- Opening Delimiter -
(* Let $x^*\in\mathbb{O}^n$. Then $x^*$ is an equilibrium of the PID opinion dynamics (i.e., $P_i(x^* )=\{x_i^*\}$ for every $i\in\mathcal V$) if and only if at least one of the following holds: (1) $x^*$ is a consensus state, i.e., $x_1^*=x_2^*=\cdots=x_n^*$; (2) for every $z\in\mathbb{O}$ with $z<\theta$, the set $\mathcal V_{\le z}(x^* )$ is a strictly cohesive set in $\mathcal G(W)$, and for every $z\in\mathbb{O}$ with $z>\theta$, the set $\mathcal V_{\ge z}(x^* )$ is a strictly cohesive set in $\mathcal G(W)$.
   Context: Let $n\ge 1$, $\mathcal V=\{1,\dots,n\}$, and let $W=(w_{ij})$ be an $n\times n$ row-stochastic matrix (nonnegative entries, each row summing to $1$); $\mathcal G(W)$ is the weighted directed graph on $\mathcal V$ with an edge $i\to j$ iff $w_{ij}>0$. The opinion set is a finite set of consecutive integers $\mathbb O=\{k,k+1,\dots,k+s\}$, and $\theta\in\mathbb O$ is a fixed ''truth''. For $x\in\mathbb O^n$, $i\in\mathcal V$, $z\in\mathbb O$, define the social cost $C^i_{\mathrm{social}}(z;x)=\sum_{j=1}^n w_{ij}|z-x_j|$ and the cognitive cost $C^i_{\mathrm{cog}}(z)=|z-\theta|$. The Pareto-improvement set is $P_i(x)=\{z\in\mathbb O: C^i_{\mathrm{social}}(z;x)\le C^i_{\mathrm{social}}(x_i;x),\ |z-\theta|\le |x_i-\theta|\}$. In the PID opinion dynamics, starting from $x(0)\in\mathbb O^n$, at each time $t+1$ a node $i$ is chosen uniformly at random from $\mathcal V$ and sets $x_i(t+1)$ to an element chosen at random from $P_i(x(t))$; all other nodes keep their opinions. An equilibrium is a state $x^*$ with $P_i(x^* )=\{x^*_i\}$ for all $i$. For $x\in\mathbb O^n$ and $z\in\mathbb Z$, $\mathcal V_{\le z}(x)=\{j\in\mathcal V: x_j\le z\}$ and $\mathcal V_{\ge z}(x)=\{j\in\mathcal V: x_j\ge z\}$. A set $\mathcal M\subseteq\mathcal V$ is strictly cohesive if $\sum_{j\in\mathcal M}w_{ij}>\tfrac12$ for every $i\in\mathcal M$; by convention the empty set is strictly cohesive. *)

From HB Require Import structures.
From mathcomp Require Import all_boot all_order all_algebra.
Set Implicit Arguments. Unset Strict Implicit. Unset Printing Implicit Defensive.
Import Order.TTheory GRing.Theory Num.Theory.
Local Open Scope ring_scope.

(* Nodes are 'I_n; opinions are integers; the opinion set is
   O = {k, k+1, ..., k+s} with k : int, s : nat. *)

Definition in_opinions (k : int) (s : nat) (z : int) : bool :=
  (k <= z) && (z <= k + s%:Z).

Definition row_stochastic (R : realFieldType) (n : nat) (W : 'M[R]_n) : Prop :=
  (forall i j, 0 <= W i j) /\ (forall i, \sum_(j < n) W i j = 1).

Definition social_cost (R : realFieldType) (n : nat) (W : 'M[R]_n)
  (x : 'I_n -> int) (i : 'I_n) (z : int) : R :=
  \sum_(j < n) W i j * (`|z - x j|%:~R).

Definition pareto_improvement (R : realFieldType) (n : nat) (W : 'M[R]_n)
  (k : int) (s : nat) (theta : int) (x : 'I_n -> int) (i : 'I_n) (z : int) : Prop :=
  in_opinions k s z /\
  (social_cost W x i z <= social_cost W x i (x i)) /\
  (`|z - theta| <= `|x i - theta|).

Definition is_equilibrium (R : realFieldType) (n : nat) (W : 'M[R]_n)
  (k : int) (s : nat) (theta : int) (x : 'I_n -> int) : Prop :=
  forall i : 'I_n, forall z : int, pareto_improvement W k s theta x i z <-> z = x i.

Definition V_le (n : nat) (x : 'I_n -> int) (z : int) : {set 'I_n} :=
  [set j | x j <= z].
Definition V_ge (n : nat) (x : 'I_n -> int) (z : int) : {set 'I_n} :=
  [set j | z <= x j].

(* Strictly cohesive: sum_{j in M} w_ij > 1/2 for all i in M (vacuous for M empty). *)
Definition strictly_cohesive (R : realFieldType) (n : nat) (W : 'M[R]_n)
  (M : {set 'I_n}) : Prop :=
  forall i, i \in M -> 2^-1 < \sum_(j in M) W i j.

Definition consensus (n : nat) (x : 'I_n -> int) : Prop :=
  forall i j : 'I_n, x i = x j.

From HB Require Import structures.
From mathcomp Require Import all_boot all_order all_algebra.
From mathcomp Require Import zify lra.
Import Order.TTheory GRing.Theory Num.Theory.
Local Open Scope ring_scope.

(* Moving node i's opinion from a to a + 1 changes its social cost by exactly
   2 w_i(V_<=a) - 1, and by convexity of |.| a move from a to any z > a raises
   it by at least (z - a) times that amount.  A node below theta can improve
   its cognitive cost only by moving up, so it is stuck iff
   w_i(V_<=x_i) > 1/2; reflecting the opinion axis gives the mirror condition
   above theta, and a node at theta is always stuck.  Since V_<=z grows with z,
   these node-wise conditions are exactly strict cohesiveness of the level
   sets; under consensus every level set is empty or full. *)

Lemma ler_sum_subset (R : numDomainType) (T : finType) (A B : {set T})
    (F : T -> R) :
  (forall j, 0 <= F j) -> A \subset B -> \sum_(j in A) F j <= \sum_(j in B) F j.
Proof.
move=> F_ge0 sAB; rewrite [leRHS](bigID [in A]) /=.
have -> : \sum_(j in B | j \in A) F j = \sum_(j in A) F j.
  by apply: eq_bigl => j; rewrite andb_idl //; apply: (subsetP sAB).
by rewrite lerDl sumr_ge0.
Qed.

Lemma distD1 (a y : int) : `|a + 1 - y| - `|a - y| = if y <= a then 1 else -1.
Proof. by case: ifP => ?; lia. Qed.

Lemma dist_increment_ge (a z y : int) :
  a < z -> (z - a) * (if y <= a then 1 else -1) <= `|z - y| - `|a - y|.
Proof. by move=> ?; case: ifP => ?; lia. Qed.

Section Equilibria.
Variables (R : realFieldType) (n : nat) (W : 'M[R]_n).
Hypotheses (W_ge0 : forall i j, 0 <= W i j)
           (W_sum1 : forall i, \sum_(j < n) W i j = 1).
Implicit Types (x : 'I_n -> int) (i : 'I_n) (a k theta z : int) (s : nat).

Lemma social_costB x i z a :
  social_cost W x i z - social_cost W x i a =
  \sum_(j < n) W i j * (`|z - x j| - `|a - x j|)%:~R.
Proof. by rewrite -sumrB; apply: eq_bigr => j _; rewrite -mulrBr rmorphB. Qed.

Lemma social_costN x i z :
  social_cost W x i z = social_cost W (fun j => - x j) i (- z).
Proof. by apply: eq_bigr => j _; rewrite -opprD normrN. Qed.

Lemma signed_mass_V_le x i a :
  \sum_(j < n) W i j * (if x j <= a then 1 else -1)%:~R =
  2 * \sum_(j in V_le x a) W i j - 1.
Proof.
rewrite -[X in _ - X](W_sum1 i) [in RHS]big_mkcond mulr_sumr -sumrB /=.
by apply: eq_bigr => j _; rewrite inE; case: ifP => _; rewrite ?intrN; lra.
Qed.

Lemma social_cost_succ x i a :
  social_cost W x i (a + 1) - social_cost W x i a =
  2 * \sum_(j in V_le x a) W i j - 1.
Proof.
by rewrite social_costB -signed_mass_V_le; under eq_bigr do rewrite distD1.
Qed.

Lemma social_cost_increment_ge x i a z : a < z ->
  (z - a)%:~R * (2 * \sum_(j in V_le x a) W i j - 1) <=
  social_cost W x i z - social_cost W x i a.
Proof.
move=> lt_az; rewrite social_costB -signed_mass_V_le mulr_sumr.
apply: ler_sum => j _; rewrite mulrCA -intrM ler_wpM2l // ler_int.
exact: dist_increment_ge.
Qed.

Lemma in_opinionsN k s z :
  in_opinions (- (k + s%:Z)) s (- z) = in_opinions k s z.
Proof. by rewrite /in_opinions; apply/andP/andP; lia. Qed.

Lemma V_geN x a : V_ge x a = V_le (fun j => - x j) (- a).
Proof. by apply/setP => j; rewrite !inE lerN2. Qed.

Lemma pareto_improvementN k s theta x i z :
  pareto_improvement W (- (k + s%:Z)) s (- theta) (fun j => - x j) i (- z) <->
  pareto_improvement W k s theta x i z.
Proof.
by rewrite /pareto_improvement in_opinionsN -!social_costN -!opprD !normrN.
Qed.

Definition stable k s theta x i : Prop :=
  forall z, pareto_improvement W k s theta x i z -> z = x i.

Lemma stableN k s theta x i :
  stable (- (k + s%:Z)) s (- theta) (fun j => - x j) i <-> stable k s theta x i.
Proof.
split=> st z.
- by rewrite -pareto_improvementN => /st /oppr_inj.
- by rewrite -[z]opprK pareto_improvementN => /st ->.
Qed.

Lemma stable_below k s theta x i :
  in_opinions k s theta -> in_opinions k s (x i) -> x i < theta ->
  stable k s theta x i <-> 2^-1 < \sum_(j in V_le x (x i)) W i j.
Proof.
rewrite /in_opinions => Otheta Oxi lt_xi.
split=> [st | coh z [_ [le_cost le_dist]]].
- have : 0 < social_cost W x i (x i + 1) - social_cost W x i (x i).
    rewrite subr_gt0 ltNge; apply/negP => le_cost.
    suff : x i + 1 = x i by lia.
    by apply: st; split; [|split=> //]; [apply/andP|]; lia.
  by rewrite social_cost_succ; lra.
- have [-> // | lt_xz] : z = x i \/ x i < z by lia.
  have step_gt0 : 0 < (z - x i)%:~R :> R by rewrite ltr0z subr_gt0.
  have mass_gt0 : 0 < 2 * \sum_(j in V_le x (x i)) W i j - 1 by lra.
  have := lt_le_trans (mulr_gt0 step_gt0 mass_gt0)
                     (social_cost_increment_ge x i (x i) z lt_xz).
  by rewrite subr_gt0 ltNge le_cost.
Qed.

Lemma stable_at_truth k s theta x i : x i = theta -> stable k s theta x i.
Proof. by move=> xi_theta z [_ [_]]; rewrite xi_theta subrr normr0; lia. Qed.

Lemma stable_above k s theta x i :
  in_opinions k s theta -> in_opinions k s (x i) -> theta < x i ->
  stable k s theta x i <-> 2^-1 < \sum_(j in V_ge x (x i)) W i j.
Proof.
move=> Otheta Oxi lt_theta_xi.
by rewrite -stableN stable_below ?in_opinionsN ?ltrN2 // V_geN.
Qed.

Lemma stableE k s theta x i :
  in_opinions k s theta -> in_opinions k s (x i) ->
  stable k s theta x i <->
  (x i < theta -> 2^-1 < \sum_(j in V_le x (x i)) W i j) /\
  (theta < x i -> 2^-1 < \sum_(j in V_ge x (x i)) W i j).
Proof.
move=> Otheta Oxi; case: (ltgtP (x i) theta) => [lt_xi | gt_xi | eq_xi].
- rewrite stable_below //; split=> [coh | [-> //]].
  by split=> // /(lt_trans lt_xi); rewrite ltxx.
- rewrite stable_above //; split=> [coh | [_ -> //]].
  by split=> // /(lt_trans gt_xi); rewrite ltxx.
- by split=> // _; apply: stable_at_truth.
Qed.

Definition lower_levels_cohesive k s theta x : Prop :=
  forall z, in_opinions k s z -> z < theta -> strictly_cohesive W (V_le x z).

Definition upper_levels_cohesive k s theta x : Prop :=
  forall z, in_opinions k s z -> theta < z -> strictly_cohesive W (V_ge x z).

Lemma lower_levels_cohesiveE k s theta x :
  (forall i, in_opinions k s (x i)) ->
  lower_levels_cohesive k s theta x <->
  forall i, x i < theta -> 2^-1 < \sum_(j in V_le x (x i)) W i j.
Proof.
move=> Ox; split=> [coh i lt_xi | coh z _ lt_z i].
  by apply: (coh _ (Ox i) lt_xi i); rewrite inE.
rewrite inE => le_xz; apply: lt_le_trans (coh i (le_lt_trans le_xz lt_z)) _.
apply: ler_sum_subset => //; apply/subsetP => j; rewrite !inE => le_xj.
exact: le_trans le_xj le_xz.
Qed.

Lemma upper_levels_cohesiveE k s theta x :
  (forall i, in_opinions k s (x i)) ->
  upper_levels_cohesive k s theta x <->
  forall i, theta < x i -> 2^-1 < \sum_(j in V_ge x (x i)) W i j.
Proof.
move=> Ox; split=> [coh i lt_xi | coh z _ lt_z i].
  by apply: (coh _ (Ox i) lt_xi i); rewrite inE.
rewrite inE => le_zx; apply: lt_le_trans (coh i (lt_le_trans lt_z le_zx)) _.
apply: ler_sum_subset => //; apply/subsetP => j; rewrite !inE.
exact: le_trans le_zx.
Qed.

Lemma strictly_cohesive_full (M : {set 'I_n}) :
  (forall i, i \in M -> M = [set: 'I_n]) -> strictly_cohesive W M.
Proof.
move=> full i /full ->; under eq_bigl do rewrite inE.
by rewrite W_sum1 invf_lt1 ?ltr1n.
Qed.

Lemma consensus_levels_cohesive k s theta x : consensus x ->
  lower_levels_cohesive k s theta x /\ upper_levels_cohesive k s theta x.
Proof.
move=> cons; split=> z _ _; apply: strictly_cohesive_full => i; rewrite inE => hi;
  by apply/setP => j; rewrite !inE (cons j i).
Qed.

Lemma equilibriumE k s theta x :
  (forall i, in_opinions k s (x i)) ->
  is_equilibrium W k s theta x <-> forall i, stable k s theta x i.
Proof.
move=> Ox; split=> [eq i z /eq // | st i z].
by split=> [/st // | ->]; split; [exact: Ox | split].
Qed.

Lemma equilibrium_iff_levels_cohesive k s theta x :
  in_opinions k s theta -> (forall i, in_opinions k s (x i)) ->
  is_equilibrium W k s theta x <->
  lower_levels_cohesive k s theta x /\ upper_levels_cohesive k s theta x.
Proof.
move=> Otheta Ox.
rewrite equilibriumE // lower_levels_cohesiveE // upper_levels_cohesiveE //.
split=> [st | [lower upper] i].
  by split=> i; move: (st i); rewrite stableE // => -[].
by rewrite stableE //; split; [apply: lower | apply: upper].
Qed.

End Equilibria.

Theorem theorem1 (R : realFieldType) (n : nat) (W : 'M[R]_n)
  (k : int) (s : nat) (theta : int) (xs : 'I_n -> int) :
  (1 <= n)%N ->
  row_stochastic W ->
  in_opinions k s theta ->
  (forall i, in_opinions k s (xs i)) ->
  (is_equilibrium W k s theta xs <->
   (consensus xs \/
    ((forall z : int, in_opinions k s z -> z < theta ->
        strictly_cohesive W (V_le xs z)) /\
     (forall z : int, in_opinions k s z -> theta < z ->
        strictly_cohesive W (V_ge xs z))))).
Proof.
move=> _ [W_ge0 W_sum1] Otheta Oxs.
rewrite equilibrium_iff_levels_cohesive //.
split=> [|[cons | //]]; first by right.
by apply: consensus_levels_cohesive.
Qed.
- Closing Delimiter -
(Work item)
From the records above, transcribe without alteration every line from the one with "End Equilibria." to the one with "(forall i, in_opinions k s (xs i)) ->", inclusive.

(Response to the exercise)
End Equilibria.

Theorem theorem1 (R : realFieldType) (n : nat) (W : 'M[R]_n)
  (k : int) (s : nat) (theta : int) (xs : 'I_n -> int) :
  (1 <= n)%N ->
  row_stochastic W ->
  in_opinions k s theta ->
  (forall i, in_opinions k s (xs i)) ->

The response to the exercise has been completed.